## RECORDS SHOWN

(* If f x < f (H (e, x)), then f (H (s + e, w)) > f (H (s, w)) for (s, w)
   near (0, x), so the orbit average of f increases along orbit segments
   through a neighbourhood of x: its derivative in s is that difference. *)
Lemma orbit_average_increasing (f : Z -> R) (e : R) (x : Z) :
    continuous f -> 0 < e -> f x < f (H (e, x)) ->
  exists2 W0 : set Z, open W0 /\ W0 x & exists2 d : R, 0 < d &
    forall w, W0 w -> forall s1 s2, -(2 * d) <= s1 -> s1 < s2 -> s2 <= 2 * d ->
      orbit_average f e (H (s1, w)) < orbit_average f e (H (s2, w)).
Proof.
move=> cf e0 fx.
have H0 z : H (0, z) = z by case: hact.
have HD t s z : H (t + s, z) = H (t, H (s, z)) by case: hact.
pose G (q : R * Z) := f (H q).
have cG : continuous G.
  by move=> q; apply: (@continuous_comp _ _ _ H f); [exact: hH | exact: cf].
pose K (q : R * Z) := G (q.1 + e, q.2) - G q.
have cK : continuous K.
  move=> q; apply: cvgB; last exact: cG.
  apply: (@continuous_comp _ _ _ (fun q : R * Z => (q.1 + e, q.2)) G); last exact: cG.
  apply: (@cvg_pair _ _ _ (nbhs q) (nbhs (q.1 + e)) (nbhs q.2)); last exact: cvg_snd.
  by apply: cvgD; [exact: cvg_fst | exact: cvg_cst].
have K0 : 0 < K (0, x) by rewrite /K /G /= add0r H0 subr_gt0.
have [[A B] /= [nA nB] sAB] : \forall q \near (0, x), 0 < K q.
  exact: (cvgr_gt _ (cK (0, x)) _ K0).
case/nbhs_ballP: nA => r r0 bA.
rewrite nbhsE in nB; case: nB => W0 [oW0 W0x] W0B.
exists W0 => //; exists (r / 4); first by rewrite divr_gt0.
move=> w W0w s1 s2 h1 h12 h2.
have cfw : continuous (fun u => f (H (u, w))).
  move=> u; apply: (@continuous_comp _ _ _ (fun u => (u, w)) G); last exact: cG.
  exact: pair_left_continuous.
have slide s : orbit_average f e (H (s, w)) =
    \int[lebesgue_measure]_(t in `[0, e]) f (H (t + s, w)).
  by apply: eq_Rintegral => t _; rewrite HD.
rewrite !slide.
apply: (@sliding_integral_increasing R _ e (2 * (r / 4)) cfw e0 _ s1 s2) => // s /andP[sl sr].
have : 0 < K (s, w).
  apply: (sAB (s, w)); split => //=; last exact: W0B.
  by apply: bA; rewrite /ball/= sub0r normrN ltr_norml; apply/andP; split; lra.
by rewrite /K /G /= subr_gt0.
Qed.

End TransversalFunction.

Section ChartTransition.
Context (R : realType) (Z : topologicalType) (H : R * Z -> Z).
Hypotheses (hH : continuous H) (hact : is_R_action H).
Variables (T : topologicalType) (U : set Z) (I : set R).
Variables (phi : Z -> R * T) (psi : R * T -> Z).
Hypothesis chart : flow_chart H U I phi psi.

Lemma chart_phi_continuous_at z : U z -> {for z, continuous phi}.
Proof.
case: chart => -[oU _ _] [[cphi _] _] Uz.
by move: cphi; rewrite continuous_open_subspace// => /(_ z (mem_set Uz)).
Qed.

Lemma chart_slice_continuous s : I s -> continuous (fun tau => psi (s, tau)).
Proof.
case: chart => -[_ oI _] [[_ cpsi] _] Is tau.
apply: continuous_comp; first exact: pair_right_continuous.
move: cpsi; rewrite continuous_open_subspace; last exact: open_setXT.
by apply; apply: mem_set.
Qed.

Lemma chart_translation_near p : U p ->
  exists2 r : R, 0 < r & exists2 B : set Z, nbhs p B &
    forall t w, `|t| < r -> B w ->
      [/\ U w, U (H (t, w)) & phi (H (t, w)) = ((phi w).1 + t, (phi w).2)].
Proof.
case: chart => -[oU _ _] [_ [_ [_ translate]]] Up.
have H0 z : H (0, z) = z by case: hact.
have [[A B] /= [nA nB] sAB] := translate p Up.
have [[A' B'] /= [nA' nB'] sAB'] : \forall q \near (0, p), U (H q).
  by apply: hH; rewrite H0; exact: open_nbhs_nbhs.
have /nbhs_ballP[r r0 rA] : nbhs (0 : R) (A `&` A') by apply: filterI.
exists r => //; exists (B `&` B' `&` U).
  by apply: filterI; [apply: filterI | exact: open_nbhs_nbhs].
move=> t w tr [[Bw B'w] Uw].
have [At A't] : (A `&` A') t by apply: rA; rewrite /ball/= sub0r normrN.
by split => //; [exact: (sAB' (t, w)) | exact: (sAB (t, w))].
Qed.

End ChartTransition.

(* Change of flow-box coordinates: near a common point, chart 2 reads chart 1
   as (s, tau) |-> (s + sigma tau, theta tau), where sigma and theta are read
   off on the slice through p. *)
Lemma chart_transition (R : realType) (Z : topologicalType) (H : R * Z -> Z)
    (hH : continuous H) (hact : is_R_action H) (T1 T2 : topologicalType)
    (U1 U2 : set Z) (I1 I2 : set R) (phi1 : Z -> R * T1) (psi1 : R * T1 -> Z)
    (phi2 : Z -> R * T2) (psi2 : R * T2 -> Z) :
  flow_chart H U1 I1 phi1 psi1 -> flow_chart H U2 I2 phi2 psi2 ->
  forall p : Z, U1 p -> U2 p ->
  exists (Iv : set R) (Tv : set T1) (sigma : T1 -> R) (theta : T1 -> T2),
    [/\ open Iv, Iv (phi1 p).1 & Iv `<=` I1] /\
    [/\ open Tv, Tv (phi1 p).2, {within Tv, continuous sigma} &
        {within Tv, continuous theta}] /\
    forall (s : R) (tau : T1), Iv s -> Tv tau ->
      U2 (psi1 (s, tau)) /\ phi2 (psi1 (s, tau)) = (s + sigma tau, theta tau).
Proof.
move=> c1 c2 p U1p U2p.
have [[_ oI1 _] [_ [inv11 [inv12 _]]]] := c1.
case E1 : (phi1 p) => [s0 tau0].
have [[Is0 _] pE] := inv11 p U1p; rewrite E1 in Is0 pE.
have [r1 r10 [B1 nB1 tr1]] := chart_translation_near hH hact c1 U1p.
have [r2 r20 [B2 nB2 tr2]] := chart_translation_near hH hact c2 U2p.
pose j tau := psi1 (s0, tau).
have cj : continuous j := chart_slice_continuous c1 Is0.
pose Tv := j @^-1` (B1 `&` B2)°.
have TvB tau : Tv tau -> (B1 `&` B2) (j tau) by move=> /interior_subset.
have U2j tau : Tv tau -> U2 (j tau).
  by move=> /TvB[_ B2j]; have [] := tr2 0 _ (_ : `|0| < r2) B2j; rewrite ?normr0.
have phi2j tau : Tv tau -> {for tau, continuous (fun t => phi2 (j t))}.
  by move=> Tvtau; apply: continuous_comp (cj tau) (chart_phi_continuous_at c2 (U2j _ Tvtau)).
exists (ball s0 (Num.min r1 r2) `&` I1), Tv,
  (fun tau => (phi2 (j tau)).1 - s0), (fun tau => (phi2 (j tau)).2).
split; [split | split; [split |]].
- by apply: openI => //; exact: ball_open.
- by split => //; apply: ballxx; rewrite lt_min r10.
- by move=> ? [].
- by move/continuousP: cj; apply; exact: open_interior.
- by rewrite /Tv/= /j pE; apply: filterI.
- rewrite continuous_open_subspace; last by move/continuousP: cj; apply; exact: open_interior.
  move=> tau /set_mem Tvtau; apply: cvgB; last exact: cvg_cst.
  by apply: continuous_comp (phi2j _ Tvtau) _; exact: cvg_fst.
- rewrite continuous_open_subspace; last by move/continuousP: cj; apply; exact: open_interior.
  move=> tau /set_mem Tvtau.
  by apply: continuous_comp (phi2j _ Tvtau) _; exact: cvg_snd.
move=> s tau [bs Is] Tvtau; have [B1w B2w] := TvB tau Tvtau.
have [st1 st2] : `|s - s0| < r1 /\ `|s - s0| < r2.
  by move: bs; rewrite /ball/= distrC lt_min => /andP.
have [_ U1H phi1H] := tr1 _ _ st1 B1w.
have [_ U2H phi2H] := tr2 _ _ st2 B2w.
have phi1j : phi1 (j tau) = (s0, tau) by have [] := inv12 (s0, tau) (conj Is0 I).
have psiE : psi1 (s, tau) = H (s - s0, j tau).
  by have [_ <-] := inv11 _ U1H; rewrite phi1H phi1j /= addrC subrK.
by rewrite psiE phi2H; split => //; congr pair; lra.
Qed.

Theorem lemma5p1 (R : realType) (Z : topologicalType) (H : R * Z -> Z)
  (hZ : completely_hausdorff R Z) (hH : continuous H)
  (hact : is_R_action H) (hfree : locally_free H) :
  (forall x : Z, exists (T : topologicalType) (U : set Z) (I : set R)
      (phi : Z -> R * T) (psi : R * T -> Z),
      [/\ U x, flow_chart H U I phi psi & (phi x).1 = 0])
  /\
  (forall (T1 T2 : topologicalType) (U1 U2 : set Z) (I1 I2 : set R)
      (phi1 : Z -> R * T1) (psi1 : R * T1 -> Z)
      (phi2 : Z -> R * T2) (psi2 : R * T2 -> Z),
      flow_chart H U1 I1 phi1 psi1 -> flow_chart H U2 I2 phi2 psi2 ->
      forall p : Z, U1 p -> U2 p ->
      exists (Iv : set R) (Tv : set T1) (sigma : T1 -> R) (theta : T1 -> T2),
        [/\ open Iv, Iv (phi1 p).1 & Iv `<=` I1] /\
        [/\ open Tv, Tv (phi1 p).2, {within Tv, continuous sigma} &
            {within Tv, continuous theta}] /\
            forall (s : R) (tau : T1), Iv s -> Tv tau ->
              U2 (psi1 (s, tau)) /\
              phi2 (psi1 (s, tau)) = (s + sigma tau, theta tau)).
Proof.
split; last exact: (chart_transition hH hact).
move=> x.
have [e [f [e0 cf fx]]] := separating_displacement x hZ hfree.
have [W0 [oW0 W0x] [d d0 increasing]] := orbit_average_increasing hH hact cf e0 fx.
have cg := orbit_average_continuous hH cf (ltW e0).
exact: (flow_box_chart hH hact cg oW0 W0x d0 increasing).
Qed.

## WHAT YOU WILL DO
Give every line of the material that includes the string "andP".

## ANSWER TO THE EXERCISE
apply: (@sliding_integral_increasing R _ e (2 * (r / 4)) cfw e0 _ s1 s2) => // s /andP[sl sr].
  by apply: bA; rewrite /ball/= sub0r normrN ltr_norml; apply/andP; split; lra.
  by move: bs; rewrite /ball/= distrC lt_min => /andP.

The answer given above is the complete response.